The data input needs to match our construction:

In [427]:
list_cat_trains=[]
list_cat_valids=[]
catlen=len(nacols_cat+cat_vars)
for i in range(catlen):
    list_cat_trains.append(Xtrain[:,i])
    list_cat_valids.append(Xvalid[:,i])
cont_train=Xtrain[:,catlen:]
cont_valid=Xvalid[:,catlen:]

In [428]:
cont_train.shape

(802943, 14)

Now we run (only a little bit for now!)

In [429]:
emodel = build_keras_model()
history = fitmodel(emodel, [*list_cat_trains, cont_train], ytrain, [*list_cat_valids, cont_valid], yvalid, 2, 256)

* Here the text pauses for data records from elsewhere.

Lemma locally_image (xi : R -> R) (t0 d : R) (P : R -> Prop) :
  0 < d -> is_derive xi t0 d -> locally t0 (fun t => continuous xi t) -> locally t0 P ->
  locally (xi t0) (fun u => exists t, P t /\ xi t = u).
Proof.
  intros Hd Hxi Hc HP.
  assert (Hr := proj1 (is_derive_remainder xi t0 d) Hxi (d / 2) ltac:(lra)).
  destruct (filter_and _ _ Hc (filter_and _ _ HP Hr)) as [del Hdel].
  set (rho := del / 2).
  assert (Hrho : 0 < rho) by (unfold rho; pose proof (cond_pos del); lra).
  assert (Hin : forall t, Rabs (t - t0) <= rho -> ball t0 del t).
  { intros t Ht. change (Rabs (t - t0) < del). unfold rho in Ht; pose proof (cond_pos del); lra. }
  assert (Hp : Rabs (t0 + rho - t0) <= rho)
    by (replace (t0 + rho - t0) with rho by ring; rewrite Rabs_pos_eq; lra).
  assert (Hm : Rabs (t0 - rho - t0) <= rho)
    by (replace (t0 - rho - t0) with (- rho) by ring; rewrite Rabs_Ropp, Rabs_pos_eq; lra).
  destruct (Hdel _ (Hin _ Hp)) as [_ [_ Hup]]; destruct (Hdel _ (Hin _ Hm)) as [_ [_ Hdn]].
  replace (t0 + rho - t0) with rho in Hup by ring.
  replace (t0 - rho - t0) with (- rho) in Hdn by ring.
  rewrite (Rabs_pos_eq rho) in Hup by lra; rewrite Rabs_Ropp, (Rabs_pos_eq rho) in Hdn by lra.
  apply Rabs_le_between in Hup; apply Rabs_le_between in Hdn.
  exists (mkposreal (d * rho / 2) ltac:(apply Rdiv_lt_0_compat; [apply Rmult_lt_0_compat|]; lra)).
  intros u Hu. change (Rabs (u - xi t0) < d * rho / 2) in Hu. apply Rabs_def2 in Hu.
  destruct (IVT_interv (fun t => xi t - u) (t0 - rho) (t0 + rho)) as [t [Ht Hxt]].
  - intros t Ht. apply continuity_pt_minus; [|apply continuity_pt_const; intros ? ?; reflexivity].
    apply continuity_pt_filterlim, (Hdel t), Hin, Rabs_le_between; lra.
  - lra.
  - cbv beta; nra.
  - cbv beta; nra.
  - exists t. split; [apply (Hdel t), Hin, Rabs_le_between; lra|cbv beta in Hxt; lra].
Qed.

Lemma is_derive_reparam (xi F G : R -> R) (t0 d g : R) :
  0 < d -> is_derive xi t0 d -> locally t0 (fun t => continuous xi t) ->
  locally t0 (fun t => F (xi t) = G t) -> is_derive G t0 g ->
  is_derive F (xi t0) (g / d).
Proof.
  intros Hd Hxi Hc HFG HG.
  set (H := fun t => G t - g / d * xi t).
  assert (HH : is_derive H t0 0).
  { replace 0 with (g - g / d * d) by (field; lra).
    apply is_derive_Rminus; [exact HG|apply is_derive_scal, Hxi]. }
  apply is_derive_remainder; intros eps Heps.
  assert (HrH := proj1 (is_derive_remainder H t0 0) HH (eps * d / 2) ltac:(nra)).
  assert (Hrxi := proj1 (is_derive_remainder xi t0 d) Hxi (d / 2) ltac:(lra)).
  rewrite (locally_singleton _ _ HFG).
  generalize (locally_image xi t0 d _ Hd Hxi Hc (filter_and _ _ HFG (filter_and _ _ HrH Hrxi))).
  apply filter_imp; intros u [t [[HFt [Ht Hxit]] <-]].
  rewrite HFt. unfold H in Ht.
  replace (G t - G t0 - g / d * (xi t - xi t0))
    with (G t - g / d * xi t - (G t0 - g / d * xi t0) - 0 * (t - t0)) by ring.
  assert (Hlow : d / 2 * Rabs (t - t0) <= Rabs (xi t - xi t0)).
  { replace (xi t - xi t0) with ((xi t - xi t0 - d * (t - t0)) + d * (t - t0)) by ring.
    pose proof (Rabs_triang_inv (d * (t - t0)) (- (xi t - xi t0 - d * (t - t0)))) as Htri.
    rewrite Rabs_Ropp, Rabs_mult, (Rabs_pos_eq d) in Htri by lra.
    replace (d * (t - t0) - - (xi t - xi t0 - d * (t - t0))) with
      (xi t - xi t0 - d * (t - t0) + d * (t - t0)) in Htri by ring.
    lra. }
  eapply Rle_trans; [exact Ht|]. nra.
Qed.

Lemma is_derive_sqrt_radicand (c t : R) (v : axis -> R -> R) (dv : axis -> R) :
  0 < c -> (forall j, is_derive (v j) t (dv j)) -> 0 < 1 - sum3 (fun j => v j t * v j t) / c ^ 2 ->
  is_derive (fun s => sqrt (1 - sum3 (fun j => v j s * v j s) / c ^ 2)) t
    (- sum3 (fun j => v j t * dv j) / (c ^ 2 * sqrt (1 - sum3 (fun j => v j t * v j t) / c ^ 2))).
Proof.
  intros Hc Hv Hpos. unfold sum3 in *.
  assert (Hc2 : 0 < c ^ 2) by (apply pow_lt, Hc). set (c2 := c ^ 2) in *.
  assert (H1 := Hv ax); assert (H2 := Hv ay); assert (H3 := Hv az).
  auto_derive.
  - repeat split; try (eexists; eassumption). exact Hpos.
  - rewrite (is_derive_unique (fun s : R => v ax s) _ _ H1),
      (is_derive_unique (fun s : R => v ay s) _ _ H2),
      (is_derive_unique (fun s : R => v az s) _ _ H3).
    pose proof (sqrt_lt_R0 _ Hpos). unfold Rminus, Rdiv in *. field. lra.
Qed.

Lemma is_derive_momentum_form (m q c : R) (u S g : R -> R) (t du dS dg : R) :
  c <> 0 -> S t <> 0 -> is_derive u t du -> is_derive S t dS -> is_derive g t dg ->
  is_derive (fun s => m * u s / S s + q * g s / c) t
    (m * du / S t - m * u t * dS / (S t * S t) + q * dg / c).
Proof.
  intros Hc HS Hu HS' Hg. auto_derive.
  - repeat split; try (eexists; eassumption); assumption.
  - rewrite (is_derive_unique (fun s : R => u s) _ _ Hu),
      (is_derive_unique (fun s : R => S s) _ _ HS'), (is_derive_unique (fun s : R => g s) _ _ Hg).
    field. split; assumption.
Qed.

Lemma is_derive_energy_form (m q c : R) (S g : R -> R) (t dS dg : R) :
  S t <> 0 -> is_derive S t dS -> is_derive g t dg ->
  is_derive (fun s => m * c ^ 2 / S s + q * g s) t (- m * c ^ 2 * dS / (S t * S t) + q * dg).
Proof.
  intros HS HS' Hg. auto_derive.
  - repeat split; try (eexists; eassumption); assumption.
  - rewrite (is_derive_unique (fun s : R => S s) _ _ HS'), (is_derive_unique (fun s : R => g s) _ _ Hg).
    field. assumption.
Qed.

Definition inv_gamma (c : R) (V : V3) : R := sqrt (1 - dot V V / c ^ 2).

Definition momentum (m c q : R) (A : R -> V3 -> V3) (X V : V3) (t : R) (i : axis) : R :=
  m * vc V i / inv_gamma c V + q * vc (A t X) i / c.

(* The Hamiltonian [v . momentum - Lrel], written out. *)
Definition energy (m c q : R) (A0 : R -> V3 -> R) (X V : V3) (t : R) : R :=
  m * c ^ 2 / inv_gamma c V + q * A0 t X.

Definition Acomp (A : R -> V3 -> V3) (i : axis) : R -> V3 -> R := fun t X => vc (A t X) i.

Definition pdT (L : Lag) (X V : V3) (t : R) : R := Derive (fun s => L X V s) t.

Lemma subluminal_radicand_pos (c : R) (V : V3) :
  0 < c -> dot V V < c ^ 2 -> 0 < 1 - dot V V / c ^ 2.
Proof.
  intros Hc HV. assert (Hc2 : 0 < c ^ 2) by (apply pow_lt; lra).
  apply Rlt_0_minus. apply (Rmult_lt_reg_r (c ^ 2)); [exact Hc2|].
  unfold Rdiv; rewrite Rmult_assoc, Rinv_l by lra. lra.
Qed.

Lemma inv_gamma_pos (c : R) (V : V3) : 0 < c -> dot V V < c ^ 2 -> 0 < inv_gamma c V.
Proof. intros Hc HV. apply sqrt_lt_R0, subluminal_radicand_pos; assumption. Qed.

Lemma inv_gamma_sqr (c : R) (V : V3) :
  0 < c -> dot V V < c ^ 2 -> inv_gamma c V * inv_gamma c V = 1 - dot V V / c ^ 2.
Proof. intros Hc HV. apply sqrt_sqrt. left; apply subluminal_radicand_pos; assumption. Qed.

Lemma is_derive_Lrel_velocity m c q A0 A X V t i :
  0 < c -> dot V V < c ^ 2 ->
  is_derive (fun s => Lrel m c q A0 A X (upd V i s) t) (vc V i) (momentum m c q A X V t i).
Proof.
  intros Hc HV.
  assert (Hpos := subluminal_radicand_pos c V Hc HV).
  unfold Lrel, momentum, inv_gamma. unfold dot in *.
  destruct V as [[v1 v2] v3]; destruct i; simpl in *;
    auto_derive; try (split; [|exact I]); try lra.
  all: unfold Rminus, Rdiv in *; pose proof (sqrt_lt_R0 _ Hpos); field; lra.
Qed.

Lemma pdV_Lrel m c q A0 A X V t i :
  0 < c -> dot V V < c ^ 2 -> pdV (Lrel m c q A0 A) X V t i = momentum m c q A X V t i.
Proof. intros Hc HV. apply is_derive_unique, is_derive_Lrel_velocity; assumption. Qed.

Lemma is_derive_potential_term (K q c : R) (w : axis -> R) (g0 : R -> R)
    (g : axis -> R -> R) (s0 d0 : R) (d : axis -> R) :
  is_derive g0 s0 d0 -> (forall k, is_derive (g k) s0 (d k)) ->
  is_derive (fun s => K - q * (g0 s - sum3 (fun k => g k s * w k) / c)) s0
    (- q * (d0 - sum3 (fun k => d k * w k) / c)).
Proof.
  intros H0 Hg. unfold sum3.
  assert (Hx := Hg ax); assert (Hy := Hg ay); assert (Hz := Hg az).
  auto_derive.
  - repeat split; eexists; eassumption.
  - rewrite (is_derive_unique (fun s : R => g0 s) _ _ H0),
      (is_derive_unique (fun s : R => g ax s) _ _ Hx),
      (is_derive_unique (fun s : R => g ay s) _ _ Hy),
      (is_derive_unique (fun s : R => g az s) _ _ Hz).
    unfold Rdiv; ring.
Qed.

Lemma pdX_Lrel m c q A0 A X V t i :
  IsC1 A0 -> (forall k, IsC1 (Acomp A k)) ->
  pdX (Lrel m c q A0 A) X V t i
  = - q * (pd_x A0 t X i - sum3 (fun k => pd_x (Acomp A k) t X i * vc V k) / c).
Proof.
  intros HA0 HA. apply is_derive_unique.
  exact (is_derive_potential_term (- m * c ^ 2 * sqrt (1 - dot V V / c ^ 2)) q c (vc V)
           (fun s => A0 t (upd X i s)) (fun k s => Acomp A k t (upd X i s)) _ _ _
           (C1_is_derive_x _ t X i HA0) (fun k => C1_is_derive_x _ t X i (HA k))).
Qed.

Lemma pdT_Lrel m c q A0 A X V t :
  IsC1 A0 -> (forall k, IsC1 (Acomp A k)) ->
  pdT (Lrel m c q A0 A) X V t
  = - q * (pd_t A0 t X - sum3 (fun k => pd_t (Acomp A k) t X * vc V k) / c).
Proof.
  intros HA0 HA. apply is_derive_unique.
  exact (is_derive_potential_term (- m * c ^ 2 * sqrt (1 - dot V V / c ^ 2)) q c (vc V)
           (fun s => A0 s X) (fun k s => Acomp A k s X) _ _ _
           (C1_is_derive_t _ t X HA0) (fun k => C1_is_derive_t _ t X (HA k))).
Qed.

Lemma is_derive_C1_along_z (f : R -> V3 -> R) (c xi : R) (X : V3) :
  IsC1 f -> c <> 0 ->
  is_derive (fun s => f ((xi + s) / c) (upd X az s)) (vc X az)
    (pd_t f ((xi + vc X az) / c) X / c + pd_x f ((xi + vc X az) / c) X az).
Proof.
  intros Hf Hc.
  assert (H := is_derive_C1_comp f (fun s => (xi + s) / c) (fun s => upd X az s) (vc X az) (/ c)
                 (fun i => match i with az => 1 | _ => 0 end) Hf).
  rewrite upd_vc in H. unfold sum3 in H.
  replace (pd_t f ((xi + vc X az) / c) X / c + pd_x f ((xi + vc X az) / c) X az)
    with (pd_t f ((xi + vc X az) / c) X * / c + (pd_x f ((xi + vc X az) / c) X ax * 0 +
          pd_x f ((xi + vc X az) / c) X ay * 0 + pd_x f ((xi + vc X az) / c) X az * 1))
    by (unfold Rdiv; ring).
  apply H.
  - auto_derive; [exact I|field; exact Hc].
  - destruct X as [[? ?] ?]; intros [| |]; simpl; auto_derive; auto.
Qed.

Section HatFrame.
Variables (c : R) (X W : V3) (xi : R).
Let k := c / (1 + vc W az).
Let V := Defs.scal k W.
Let t := (xi + vc X az) / c.

Lemma pdX_Lhat_perp (L : Lag) (i : axis) :
  i <> az -> pdX (Lhat c L) X W xi i = (1 + vc W az) * pdX L X V t i.
Proof.
  intros Hi. unfold pdX, Lhat. rewrite <- Derive_scal.
  apply Derive_ext; intros s. destruct i; [reflexivity|reflexivity|contradiction].
Qed.

Lemma pdV_Lhat_perp m q A0 A (i : axis) :
  0 < c -> 0 < 1 + vc W az -> i <> az -> dot V V < c ^ 2 ->
  pdV (Lhat c (Lrel m c q A0 A)) X W xi i = c * momentum m c q A X V t i.
Proof.
  intros Hc HW Hi HV. apply is_derive_unique.
  replace (c * momentum m c q A X V t i) with ((1 + vc W az) * (k * momentum m c q A X V t i))
    by (unfold k; field; lra).
  apply (is_derive_ext (fun s => (1 + vc W az) * Lrel m c q A0 A X (upd V i (k * s)) t)).
  { intros s. unfold Lhat, V. destruct W as [[? ?] ?]; destruct i; [reflexivity|reflexivity|contradiction]. }
  apply is_derive_scal.
  apply (is_derive_comp (fun r => Lrel m c q A0 A X (upd V i r) t) (fun s => k * s)).
  - replace (k * vc W i) with (vc V i) by (unfold V; destruct i; reflexivity).
    apply is_derive_Lrel_velocity; assumption.
  - auto_derive; [exact I|ring].
Qed.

CompetitionDistance_missing_embedding
CloudCover_missing_embedding
Store_embedding
DayOfWeek_embedding
Year_embedding
Month_embedding
Day_embedding
StateHoliday_embedding
CompetitionMonthsOpen_embedding
Promo2Weeks_embedding
StoreType_embedding
Assortment_embedding
CompetitionOpenSinceYear_embedding
Promo2SinceYear_embedding
State_embedding
Week_embedding
Events_embedding
Promo_fw_embedding
Promo_bw_embedding
StateHoliday_fw_embedding
StateHoliday_bw_embedding
SchoolHoliday_fw_embedding
SchoolHoliday_bw_embedding
Promo_embedding
SchoolHoliday_embedding
Train on 802943 samples, validate on 41395 samples
Epoch 1/2
Epoch 2/2


### Homework

Lets do the GBM on dask. And later, at your leisure, you'll want to `ParameterGrid` Keras.